- **DIRECTIONS FOR THIS TASK**:
Select all lines holding the word "scalemxAl" from the entries that follow.

Collected data

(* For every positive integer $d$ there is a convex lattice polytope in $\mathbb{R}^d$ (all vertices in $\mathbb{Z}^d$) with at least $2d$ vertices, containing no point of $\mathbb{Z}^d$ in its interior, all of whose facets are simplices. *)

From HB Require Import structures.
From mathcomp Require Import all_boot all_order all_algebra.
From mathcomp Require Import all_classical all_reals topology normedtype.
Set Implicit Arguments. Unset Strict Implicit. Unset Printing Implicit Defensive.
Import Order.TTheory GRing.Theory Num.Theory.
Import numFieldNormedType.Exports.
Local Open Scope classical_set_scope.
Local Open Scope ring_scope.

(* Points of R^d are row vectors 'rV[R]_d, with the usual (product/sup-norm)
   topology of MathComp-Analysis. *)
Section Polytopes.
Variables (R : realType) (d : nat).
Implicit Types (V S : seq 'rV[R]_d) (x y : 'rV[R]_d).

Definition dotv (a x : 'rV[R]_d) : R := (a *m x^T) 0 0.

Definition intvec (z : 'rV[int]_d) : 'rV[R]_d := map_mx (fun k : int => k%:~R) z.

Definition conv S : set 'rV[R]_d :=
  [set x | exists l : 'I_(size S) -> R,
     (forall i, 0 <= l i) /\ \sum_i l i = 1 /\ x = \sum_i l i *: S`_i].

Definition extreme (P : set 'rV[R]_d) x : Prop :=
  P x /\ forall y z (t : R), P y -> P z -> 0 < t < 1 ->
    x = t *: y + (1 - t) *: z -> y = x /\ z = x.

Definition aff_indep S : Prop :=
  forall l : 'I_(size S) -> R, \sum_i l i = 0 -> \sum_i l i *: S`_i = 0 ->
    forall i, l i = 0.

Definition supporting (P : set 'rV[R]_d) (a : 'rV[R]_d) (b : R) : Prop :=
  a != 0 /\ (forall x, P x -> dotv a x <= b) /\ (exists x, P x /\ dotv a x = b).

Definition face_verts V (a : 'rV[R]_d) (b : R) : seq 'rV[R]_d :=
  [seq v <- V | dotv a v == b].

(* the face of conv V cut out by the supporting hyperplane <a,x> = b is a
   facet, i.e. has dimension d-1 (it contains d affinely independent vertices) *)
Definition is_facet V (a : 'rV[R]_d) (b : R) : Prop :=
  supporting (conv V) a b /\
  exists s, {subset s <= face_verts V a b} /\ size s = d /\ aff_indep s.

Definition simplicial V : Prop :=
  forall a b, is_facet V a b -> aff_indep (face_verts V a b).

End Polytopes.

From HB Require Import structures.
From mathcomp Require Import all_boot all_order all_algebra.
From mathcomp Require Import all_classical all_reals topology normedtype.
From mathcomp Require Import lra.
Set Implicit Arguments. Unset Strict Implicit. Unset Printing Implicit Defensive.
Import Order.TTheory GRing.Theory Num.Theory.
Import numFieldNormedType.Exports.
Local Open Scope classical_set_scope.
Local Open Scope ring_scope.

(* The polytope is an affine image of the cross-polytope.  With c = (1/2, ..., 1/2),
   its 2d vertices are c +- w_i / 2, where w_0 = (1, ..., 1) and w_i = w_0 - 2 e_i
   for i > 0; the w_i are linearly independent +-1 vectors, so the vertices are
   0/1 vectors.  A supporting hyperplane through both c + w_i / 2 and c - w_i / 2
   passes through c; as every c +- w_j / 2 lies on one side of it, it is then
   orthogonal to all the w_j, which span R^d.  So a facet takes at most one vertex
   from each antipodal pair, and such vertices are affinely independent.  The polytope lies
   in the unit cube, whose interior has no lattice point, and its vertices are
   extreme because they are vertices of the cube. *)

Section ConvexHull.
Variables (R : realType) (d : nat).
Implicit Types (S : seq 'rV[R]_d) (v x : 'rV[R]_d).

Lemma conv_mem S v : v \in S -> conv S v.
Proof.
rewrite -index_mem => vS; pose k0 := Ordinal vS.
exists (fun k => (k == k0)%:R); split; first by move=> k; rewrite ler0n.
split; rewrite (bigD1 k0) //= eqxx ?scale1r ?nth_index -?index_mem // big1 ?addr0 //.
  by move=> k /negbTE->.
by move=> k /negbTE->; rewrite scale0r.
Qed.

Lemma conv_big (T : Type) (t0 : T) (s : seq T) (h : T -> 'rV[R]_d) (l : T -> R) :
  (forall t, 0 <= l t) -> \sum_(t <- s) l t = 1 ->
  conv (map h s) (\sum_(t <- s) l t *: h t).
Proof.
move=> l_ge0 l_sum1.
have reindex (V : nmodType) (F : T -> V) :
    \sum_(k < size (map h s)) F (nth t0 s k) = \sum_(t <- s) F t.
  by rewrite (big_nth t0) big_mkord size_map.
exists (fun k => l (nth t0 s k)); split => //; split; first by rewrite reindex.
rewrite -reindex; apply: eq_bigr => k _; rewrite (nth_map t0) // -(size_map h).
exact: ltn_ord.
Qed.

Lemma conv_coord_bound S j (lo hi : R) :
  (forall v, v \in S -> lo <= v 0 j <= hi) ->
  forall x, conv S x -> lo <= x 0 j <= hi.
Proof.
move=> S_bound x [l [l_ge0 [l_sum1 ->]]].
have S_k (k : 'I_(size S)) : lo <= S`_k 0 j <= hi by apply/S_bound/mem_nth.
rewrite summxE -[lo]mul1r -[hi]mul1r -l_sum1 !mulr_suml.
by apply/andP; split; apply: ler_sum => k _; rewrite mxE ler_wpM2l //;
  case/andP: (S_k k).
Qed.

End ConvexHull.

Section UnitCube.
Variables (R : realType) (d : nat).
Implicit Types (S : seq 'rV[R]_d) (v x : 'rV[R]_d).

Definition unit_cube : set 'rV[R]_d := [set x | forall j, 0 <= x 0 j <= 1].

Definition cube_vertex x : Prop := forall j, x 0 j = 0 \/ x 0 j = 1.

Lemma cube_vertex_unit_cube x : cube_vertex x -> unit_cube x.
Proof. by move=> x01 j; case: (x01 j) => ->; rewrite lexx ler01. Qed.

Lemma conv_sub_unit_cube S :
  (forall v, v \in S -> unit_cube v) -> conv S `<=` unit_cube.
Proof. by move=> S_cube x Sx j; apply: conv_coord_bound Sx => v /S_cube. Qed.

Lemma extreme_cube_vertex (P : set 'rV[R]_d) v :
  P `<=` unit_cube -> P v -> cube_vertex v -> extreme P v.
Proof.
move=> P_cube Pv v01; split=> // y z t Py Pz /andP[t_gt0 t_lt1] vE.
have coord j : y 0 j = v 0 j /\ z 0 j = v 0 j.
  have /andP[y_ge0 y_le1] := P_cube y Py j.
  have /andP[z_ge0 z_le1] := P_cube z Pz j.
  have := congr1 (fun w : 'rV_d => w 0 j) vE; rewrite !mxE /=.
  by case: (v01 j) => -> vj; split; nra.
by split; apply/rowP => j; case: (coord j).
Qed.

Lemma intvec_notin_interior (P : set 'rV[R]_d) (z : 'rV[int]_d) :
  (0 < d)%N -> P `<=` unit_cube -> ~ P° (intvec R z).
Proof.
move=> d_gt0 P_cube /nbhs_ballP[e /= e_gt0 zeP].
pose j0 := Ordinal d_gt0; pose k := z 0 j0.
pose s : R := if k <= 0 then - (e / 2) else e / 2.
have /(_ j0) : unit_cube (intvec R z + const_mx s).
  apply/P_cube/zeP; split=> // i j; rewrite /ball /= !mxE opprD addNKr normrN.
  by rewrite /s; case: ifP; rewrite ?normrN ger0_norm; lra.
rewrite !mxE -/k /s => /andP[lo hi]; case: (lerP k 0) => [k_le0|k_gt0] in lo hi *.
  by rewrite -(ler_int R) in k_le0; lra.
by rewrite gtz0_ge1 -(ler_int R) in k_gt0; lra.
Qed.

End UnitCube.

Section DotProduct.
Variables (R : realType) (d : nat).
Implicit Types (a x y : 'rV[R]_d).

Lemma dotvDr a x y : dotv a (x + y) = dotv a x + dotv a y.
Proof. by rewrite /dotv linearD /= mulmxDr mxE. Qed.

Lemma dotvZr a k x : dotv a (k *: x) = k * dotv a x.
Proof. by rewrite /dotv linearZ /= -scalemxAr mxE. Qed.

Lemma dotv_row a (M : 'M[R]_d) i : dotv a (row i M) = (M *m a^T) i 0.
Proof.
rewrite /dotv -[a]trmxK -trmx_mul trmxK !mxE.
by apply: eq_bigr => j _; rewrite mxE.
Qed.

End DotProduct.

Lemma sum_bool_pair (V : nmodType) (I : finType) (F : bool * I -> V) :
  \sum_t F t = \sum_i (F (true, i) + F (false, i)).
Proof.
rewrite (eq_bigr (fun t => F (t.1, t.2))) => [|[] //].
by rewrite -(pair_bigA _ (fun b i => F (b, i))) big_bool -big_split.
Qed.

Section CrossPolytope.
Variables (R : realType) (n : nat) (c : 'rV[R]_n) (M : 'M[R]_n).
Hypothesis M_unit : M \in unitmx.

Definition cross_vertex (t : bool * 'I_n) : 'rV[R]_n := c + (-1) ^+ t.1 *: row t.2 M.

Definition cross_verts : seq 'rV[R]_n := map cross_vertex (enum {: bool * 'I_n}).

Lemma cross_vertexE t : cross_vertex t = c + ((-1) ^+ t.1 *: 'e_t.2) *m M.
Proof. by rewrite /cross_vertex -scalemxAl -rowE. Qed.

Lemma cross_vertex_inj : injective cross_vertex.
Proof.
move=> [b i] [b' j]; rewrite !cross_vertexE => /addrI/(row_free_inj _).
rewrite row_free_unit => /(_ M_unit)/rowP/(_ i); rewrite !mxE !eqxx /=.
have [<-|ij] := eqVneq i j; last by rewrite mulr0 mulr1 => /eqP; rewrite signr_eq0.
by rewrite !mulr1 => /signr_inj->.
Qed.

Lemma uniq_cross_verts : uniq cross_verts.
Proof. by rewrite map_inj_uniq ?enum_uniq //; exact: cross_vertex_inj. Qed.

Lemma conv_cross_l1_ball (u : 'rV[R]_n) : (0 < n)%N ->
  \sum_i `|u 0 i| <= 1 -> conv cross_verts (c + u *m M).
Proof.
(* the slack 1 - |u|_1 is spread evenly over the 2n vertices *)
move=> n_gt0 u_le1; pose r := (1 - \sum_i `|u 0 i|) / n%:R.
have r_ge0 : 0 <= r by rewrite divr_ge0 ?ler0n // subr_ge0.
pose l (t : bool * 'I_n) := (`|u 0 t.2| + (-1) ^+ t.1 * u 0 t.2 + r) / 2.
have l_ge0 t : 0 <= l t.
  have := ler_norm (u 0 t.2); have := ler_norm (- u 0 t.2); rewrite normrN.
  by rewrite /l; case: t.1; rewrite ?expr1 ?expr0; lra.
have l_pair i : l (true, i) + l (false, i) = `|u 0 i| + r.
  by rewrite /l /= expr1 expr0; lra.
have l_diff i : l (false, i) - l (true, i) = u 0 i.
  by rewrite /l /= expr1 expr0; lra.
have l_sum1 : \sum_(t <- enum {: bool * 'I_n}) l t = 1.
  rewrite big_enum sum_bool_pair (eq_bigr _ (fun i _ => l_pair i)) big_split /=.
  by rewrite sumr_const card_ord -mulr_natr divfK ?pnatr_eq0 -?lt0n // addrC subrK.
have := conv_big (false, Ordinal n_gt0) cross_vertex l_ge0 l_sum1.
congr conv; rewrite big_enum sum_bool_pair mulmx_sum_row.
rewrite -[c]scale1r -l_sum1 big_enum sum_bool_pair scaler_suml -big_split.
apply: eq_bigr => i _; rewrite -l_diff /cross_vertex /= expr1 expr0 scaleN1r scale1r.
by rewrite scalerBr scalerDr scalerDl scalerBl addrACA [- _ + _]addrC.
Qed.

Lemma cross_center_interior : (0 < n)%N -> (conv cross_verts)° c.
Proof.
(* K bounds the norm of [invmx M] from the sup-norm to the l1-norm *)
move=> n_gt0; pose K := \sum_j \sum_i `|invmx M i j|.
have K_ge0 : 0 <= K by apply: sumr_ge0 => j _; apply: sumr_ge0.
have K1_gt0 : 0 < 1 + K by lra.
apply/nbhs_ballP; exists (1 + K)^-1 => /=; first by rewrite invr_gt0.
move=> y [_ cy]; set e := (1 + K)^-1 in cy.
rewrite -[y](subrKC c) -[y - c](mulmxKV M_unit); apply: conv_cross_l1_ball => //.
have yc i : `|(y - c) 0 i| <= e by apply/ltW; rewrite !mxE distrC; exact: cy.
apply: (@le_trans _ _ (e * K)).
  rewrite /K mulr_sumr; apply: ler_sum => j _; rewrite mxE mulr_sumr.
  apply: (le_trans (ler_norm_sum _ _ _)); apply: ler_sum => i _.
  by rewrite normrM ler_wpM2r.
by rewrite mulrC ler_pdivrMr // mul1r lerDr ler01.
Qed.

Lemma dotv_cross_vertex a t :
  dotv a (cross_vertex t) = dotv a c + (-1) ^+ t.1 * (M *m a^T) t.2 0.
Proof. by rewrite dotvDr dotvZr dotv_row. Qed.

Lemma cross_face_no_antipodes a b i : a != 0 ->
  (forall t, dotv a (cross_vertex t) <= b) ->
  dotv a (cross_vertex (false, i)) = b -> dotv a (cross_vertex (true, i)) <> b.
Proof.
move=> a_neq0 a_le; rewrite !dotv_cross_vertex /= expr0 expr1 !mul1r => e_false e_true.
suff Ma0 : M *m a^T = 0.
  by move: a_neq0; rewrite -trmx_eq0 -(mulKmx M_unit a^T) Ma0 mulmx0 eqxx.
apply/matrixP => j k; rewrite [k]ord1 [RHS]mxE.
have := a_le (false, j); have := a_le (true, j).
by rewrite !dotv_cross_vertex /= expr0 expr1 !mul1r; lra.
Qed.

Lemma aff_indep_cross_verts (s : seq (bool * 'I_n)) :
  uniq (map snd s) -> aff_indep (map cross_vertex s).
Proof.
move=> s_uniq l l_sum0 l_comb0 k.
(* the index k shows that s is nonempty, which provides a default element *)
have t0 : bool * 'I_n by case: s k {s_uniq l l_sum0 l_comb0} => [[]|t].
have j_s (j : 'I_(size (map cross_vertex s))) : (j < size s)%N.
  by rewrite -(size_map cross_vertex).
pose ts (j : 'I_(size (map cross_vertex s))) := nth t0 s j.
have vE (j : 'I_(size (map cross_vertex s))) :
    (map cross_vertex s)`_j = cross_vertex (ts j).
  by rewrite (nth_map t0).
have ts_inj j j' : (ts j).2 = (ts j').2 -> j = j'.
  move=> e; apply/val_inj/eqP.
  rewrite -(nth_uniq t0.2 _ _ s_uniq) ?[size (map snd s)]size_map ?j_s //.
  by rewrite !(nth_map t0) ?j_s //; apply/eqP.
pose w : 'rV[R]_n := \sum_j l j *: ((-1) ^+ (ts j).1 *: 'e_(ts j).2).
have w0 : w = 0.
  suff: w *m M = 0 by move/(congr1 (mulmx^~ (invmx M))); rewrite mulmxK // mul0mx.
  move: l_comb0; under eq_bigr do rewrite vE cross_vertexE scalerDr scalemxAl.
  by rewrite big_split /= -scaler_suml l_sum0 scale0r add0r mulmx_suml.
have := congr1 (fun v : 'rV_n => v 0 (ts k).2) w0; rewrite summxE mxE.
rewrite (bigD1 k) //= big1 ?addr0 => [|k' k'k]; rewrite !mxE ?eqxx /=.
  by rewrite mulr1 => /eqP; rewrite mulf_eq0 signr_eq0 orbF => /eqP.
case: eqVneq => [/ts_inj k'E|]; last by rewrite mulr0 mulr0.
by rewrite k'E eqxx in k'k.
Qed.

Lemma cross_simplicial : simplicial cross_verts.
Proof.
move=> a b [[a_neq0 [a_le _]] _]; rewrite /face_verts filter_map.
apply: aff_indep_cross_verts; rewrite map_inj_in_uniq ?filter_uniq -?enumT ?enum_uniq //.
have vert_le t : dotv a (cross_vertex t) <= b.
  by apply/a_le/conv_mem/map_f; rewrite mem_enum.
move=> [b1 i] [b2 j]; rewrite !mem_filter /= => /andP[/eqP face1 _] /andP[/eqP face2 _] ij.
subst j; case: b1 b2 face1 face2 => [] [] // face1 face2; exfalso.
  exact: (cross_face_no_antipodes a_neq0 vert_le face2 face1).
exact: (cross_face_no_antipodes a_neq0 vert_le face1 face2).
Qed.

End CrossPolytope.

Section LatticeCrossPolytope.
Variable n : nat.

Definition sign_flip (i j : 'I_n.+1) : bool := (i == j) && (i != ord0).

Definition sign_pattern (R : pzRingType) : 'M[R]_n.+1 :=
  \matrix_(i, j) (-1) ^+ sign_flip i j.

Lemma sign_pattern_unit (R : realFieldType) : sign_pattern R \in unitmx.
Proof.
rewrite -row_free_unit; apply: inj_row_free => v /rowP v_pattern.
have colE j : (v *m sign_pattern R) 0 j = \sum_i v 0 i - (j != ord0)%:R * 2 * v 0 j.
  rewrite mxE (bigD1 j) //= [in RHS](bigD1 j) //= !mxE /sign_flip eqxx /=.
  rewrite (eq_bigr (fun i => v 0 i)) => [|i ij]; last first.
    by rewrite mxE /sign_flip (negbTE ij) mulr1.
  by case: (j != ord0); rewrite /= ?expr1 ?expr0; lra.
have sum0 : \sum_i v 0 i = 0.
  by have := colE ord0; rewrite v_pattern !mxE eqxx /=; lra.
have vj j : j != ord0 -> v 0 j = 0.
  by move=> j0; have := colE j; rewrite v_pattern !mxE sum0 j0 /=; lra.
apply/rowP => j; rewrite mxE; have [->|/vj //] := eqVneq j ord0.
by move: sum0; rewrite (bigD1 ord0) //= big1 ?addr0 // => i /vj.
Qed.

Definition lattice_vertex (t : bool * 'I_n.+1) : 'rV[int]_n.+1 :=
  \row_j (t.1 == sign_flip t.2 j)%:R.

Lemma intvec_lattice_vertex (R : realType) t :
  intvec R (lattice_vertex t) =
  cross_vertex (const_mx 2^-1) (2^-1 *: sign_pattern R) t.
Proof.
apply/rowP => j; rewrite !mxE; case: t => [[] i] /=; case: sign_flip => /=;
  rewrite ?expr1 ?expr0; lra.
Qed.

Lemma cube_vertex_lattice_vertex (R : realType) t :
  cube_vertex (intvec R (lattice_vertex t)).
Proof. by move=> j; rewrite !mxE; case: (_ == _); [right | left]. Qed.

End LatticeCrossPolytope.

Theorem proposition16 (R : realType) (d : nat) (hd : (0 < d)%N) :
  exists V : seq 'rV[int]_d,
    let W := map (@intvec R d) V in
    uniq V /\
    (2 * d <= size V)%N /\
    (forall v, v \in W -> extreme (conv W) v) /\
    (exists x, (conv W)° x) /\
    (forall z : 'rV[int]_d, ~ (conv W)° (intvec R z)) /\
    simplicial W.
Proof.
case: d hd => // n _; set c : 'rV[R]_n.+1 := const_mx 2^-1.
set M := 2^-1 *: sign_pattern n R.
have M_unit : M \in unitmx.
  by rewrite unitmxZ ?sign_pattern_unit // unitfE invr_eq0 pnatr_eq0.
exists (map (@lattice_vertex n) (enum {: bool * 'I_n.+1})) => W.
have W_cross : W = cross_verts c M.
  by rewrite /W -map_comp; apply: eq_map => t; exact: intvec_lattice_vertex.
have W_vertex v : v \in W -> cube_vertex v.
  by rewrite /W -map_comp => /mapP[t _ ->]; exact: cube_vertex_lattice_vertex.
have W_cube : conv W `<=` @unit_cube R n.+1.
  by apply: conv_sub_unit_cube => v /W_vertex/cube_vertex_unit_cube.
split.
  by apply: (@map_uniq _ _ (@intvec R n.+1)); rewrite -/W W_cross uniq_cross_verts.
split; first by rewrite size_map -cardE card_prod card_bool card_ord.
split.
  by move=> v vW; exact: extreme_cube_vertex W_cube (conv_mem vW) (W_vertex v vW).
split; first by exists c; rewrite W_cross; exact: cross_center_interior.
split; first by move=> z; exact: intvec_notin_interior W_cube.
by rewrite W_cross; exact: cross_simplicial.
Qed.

- **WRITTEN SOLUTION**:
Proof. by rewrite /cross_vertex -scalemxAl -rowE. Qed.
  move: l_comb0; under eq_bigr do rewrite vE cross_vertexE scalerDr scalemxAl.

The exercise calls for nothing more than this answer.